Task item:
Without changing anything, transcribe all of the entries.

==== Data excerpts

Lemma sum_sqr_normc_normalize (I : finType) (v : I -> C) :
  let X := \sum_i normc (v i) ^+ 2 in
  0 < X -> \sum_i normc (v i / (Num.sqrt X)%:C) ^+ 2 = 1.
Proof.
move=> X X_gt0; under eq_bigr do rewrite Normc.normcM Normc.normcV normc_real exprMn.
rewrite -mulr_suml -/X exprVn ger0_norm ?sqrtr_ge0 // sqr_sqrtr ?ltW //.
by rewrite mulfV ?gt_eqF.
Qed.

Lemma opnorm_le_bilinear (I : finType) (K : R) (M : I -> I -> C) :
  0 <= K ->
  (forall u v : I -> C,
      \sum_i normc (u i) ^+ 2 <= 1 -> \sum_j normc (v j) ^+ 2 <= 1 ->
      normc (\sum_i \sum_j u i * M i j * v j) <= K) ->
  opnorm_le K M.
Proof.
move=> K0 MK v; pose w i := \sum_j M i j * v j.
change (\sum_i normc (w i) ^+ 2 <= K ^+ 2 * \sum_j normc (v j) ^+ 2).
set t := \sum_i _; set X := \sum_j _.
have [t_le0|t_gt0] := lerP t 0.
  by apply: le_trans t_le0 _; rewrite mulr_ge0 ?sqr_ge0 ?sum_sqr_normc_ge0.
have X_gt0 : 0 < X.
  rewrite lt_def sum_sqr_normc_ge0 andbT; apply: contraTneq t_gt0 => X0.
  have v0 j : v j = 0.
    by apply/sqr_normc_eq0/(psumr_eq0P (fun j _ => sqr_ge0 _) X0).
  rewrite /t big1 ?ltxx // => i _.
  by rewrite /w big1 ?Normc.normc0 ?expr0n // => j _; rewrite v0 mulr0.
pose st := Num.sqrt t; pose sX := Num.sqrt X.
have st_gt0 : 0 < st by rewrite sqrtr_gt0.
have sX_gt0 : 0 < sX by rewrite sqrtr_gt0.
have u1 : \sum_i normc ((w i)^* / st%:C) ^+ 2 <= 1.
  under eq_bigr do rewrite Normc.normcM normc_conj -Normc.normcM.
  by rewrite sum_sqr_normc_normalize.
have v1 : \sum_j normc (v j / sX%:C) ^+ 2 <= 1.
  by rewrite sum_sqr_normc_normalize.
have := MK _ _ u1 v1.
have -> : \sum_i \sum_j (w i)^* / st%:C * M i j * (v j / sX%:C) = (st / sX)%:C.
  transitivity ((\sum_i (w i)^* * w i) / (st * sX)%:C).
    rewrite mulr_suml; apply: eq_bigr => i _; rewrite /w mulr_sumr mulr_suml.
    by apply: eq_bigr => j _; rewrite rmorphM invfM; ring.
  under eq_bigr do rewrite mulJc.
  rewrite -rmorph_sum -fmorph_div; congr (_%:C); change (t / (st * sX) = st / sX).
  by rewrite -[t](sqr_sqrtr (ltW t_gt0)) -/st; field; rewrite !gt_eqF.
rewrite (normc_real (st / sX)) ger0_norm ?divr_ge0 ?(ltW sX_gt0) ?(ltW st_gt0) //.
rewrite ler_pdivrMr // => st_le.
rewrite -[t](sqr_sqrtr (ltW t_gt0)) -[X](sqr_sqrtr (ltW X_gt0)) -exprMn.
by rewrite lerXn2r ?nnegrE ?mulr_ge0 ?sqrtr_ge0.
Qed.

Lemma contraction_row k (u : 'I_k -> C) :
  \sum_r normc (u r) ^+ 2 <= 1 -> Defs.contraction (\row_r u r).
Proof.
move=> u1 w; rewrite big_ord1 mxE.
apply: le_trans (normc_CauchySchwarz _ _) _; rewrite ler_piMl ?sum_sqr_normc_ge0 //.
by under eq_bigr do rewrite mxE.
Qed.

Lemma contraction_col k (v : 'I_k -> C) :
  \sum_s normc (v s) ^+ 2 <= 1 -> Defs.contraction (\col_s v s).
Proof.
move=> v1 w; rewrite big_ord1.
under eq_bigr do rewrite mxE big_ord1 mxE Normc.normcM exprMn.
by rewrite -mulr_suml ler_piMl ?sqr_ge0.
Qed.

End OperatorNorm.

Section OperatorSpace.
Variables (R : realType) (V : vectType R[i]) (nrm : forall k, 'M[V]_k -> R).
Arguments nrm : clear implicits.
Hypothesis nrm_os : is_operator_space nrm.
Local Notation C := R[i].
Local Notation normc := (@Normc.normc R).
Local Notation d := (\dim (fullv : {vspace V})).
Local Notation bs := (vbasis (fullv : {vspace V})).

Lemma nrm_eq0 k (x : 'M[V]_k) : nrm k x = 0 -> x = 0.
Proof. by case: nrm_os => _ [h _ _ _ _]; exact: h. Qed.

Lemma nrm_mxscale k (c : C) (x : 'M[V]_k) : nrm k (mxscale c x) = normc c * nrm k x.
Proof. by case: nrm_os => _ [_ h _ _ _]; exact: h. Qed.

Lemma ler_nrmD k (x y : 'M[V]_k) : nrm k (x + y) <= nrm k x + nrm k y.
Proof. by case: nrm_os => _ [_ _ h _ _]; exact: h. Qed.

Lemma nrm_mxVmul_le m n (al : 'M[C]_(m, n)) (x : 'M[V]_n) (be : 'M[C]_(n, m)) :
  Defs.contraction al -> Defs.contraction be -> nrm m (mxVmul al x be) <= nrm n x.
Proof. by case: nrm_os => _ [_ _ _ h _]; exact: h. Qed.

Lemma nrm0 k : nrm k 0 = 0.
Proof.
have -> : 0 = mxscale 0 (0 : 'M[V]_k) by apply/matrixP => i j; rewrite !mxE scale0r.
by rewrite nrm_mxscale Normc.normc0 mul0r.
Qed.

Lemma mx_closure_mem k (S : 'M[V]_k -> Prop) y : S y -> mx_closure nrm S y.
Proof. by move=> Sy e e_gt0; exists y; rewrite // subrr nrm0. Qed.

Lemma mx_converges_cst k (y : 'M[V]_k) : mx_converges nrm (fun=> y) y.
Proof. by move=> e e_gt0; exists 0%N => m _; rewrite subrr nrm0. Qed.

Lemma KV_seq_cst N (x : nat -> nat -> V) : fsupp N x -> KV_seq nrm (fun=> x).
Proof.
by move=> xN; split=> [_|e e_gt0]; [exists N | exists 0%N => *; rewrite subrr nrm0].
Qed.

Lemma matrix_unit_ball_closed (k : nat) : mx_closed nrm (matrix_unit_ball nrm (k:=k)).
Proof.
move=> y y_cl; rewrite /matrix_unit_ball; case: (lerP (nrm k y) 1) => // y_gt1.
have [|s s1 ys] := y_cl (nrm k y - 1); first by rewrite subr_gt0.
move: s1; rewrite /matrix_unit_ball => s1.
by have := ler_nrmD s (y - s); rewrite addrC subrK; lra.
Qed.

========

Solution to the problem:
Lemma sum_sqr_normc_normalize (I : finType) (v : I -> C) :
  let X := \sum_i normc (v i) ^+ 2 in
  0 < X -> \sum_i normc (v i / (Num.sqrt X)%:C) ^+ 2 = 1.
Proof.
move=> X X_gt0; under eq_bigr do rewrite Normc.normcM Normc.normcV normc_real exprMn.
rewrite -mulr_suml -/X exprVn ger0_norm ?sqrtr_ge0 // sqr_sqrtr ?ltW //.
by rewrite mulfV ?gt_eqF.
Qed.

Lemma opnorm_le_bilinear (I : finType) (K : R) (M : I -> I -> C) :
  0 <= K ->
  (forall u v : I -> C,
      \sum_i normc (u i) ^+ 2 <= 1 -> \sum_j normc (v j) ^+ 2 <= 1 ->
      normc (\sum_i \sum_j u i * M i j * v j) <= K) ->
  opnorm_le K M.
Proof.
move=> K0 MK v; pose w i := \sum_j M i j * v j.
change (\sum_i normc (w i) ^+ 2 <= K ^+ 2 * \sum_j normc (v j) ^+ 2).
set t := \sum_i _; set X := \sum_j _.
have [t_le0|t_gt0] := lerP t 0.
  by apply: le_trans t_le0 _; rewrite mulr_ge0 ?sqr_ge0 ?sum_sqr_normc_ge0.
have X_gt0 : 0 < X.
  rewrite lt_def sum_sqr_normc_ge0 andbT; apply: contraTneq t_gt0 => X0.
  have v0 j : v j = 0.
    by apply/sqr_normc_eq0/(psumr_eq0P (fun j _ => sqr_ge0 _) X0).
  rewrite /t big1 ?ltxx // => i _.
  by rewrite /w big1 ?Normc.normc0 ?expr0n // => j _; rewrite v0 mulr0.
pose st := Num.sqrt t; pose sX := Num.sqrt X.
have st_gt0 : 0 < st by rewrite sqrtr_gt0.
have sX_gt0 : 0 < sX by rewrite sqrtr_gt0.
have u1 : \sum_i normc ((w i)^* / st%:C) ^+ 2 <= 1.
  under eq_bigr do rewrite Normc.normcM normc_conj -Normc.normcM.
  by rewrite sum_sqr_normc_normalize.
have v1 : \sum_j normc (v j / sX%:C) ^+ 2 <= 1.
  by rewrite sum_sqr_normc_normalize.
have := MK _ _ u1 v1.
have -> : \sum_i \sum_j (w i)^* / st%:C * M i j * (v j / sX%:C) = (st / sX)%:C.
  transitivity ((\sum_i (w i)^* * w i) / (st * sX)%:C).
    rewrite mulr_suml; apply: eq_bigr => i _; rewrite /w mulr_sumr mulr_suml.
    by apply: eq_bigr => j _; rewrite rmorphM invfM; ring.
  under eq_bigr do rewrite mulJc.
  rewrite -rmorph_sum -fmorph_div; congr (_%:C); change (t / (st * sX) = st / sX).
  by rewrite -[t](sqr_sqrtr (ltW t_gt0)) -/st; field; rewrite !gt_eqF.
rewrite (normc_real (st / sX)) ger0_norm ?divr_ge0 ?(ltW sX_gt0) ?(ltW st_gt0) //.
rewrite ler_pdivrMr // => st_le.
rewrite -[t](sqr_sqrtr (ltW t_gt0)) -[X](sqr_sqrtr (ltW X_gt0)) -exprMn.
by rewrite lerXn2r ?nnegrE ?mulr_ge0 ?sqrtr_ge0.
Qed.

Lemma contraction_row k (u : 'I_k -> C) :
  \sum_r normc (u r) ^+ 2 <= 1 -> Defs.contraction (\row_r u r).
Proof.
move=> u1 w; rewrite big_ord1 mxE.
apply: le_trans (normc_CauchySchwarz _ _) _; rewrite ler_piMl ?sum_sqr_normc_ge0 //.
by under eq_bigr do rewrite mxE.
Qed.

Lemma contraction_col k (v : 'I_k -> C) :
  \sum_s normc (v s) ^+ 2 <= 1 -> Defs.contraction (\col_s v s).
Proof.
move=> v1 w; rewrite big_ord1.
under eq_bigr do rewrite mxE big_ord1 mxE Normc.normcM exprMn.
by rewrite -mulr_suml ler_piMl ?sqr_ge0.
Qed.

End OperatorNorm.

Section OperatorSpace.
Variables (R : realType) (V : vectType R[i]) (nrm : forall k, 'M[V]_k -> R).
Arguments nrm : clear implicits.
Hypothesis nrm_os : is_operator_space nrm.
Local Notation C := R[i].
Local Notation normc := (@Normc.normc R).
Local Notation d := (\dim (fullv : {vspace V})).
Local Notation bs := (vbasis (fullv : {vspace V})).

Lemma nrm_eq0 k (x : 'M[V]_k) : nrm k x = 0 -> x = 0.
Proof. by case: nrm_os => _ [h _ _ _ _]; exact: h. Qed.

Lemma nrm_mxscale k (c : C) (x : 'M[V]_k) : nrm k (mxscale c x) = normc c * nrm k x.
Proof. by case: nrm_os => _ [_ h _ _ _]; exact: h. Qed.

Lemma ler_nrmD k (x y : 'M[V]_k) : nrm k (x + y) <= nrm k x + nrm k y.
Proof. by case: nrm_os => _ [_ _ h _ _]; exact: h. Qed.

Lemma nrm_mxVmul_le m n (al : 'M[C]_(m, n)) (x : 'M[V]_n) (be : 'M[C]_(n, m)) :
  Defs.contraction al -> Defs.contraction be -> nrm m (mxVmul al x be) <= nrm n x.
Proof. by case: nrm_os => _ [_ _ _ h _]; exact: h. Qed.

Lemma nrm0 k : nrm k 0 = 0.
Proof.
have -> : 0 = mxscale 0 (0 : 'M[V]_k) by apply/matrixP => i j; rewrite !mxE scale0r.
by rewrite nrm_mxscale Normc.normc0 mul0r.
Qed.

Lemma mx_closure_mem k (S : 'M[V]_k -> Prop) y : S y -> mx_closure nrm S y.
Proof. by move=> Sy e e_gt0; exists y; rewrite // subrr nrm0. Qed.

Lemma mx_converges_cst k (y : 'M[V]_k) : mx_converges nrm (fun=> y) y.
Proof. by move=> e e_gt0; exists 0%N => m _; rewrite subrr nrm0. Qed.

Lemma KV_seq_cst N (x : nat -> nat -> V) : fsupp N x -> KV_seq nrm (fun=> x).
Proof.
by move=> xN; split=> [_|e e_gt0]; [exists N | exists 0%N => *; rewrite subrr nrm0].
Qed.

Lemma matrix_unit_ball_closed (k : nat) : mx_closed nrm (matrix_unit_ball nrm (k:=k)).
Proof.
move=> y y_cl; rewrite /matrix_unit_ball; case: (lerP (nrm k y) 1) => // y_gt1.
have [|s s1 ys] := y_cl (nrm k y - 1); first by rewrite subr_gt0.
move: s1; rewrite /matrix_unit_ball => s1.
by have := ler_nrmD s (y - s); rewrite addrC subrK; lra.
Qed.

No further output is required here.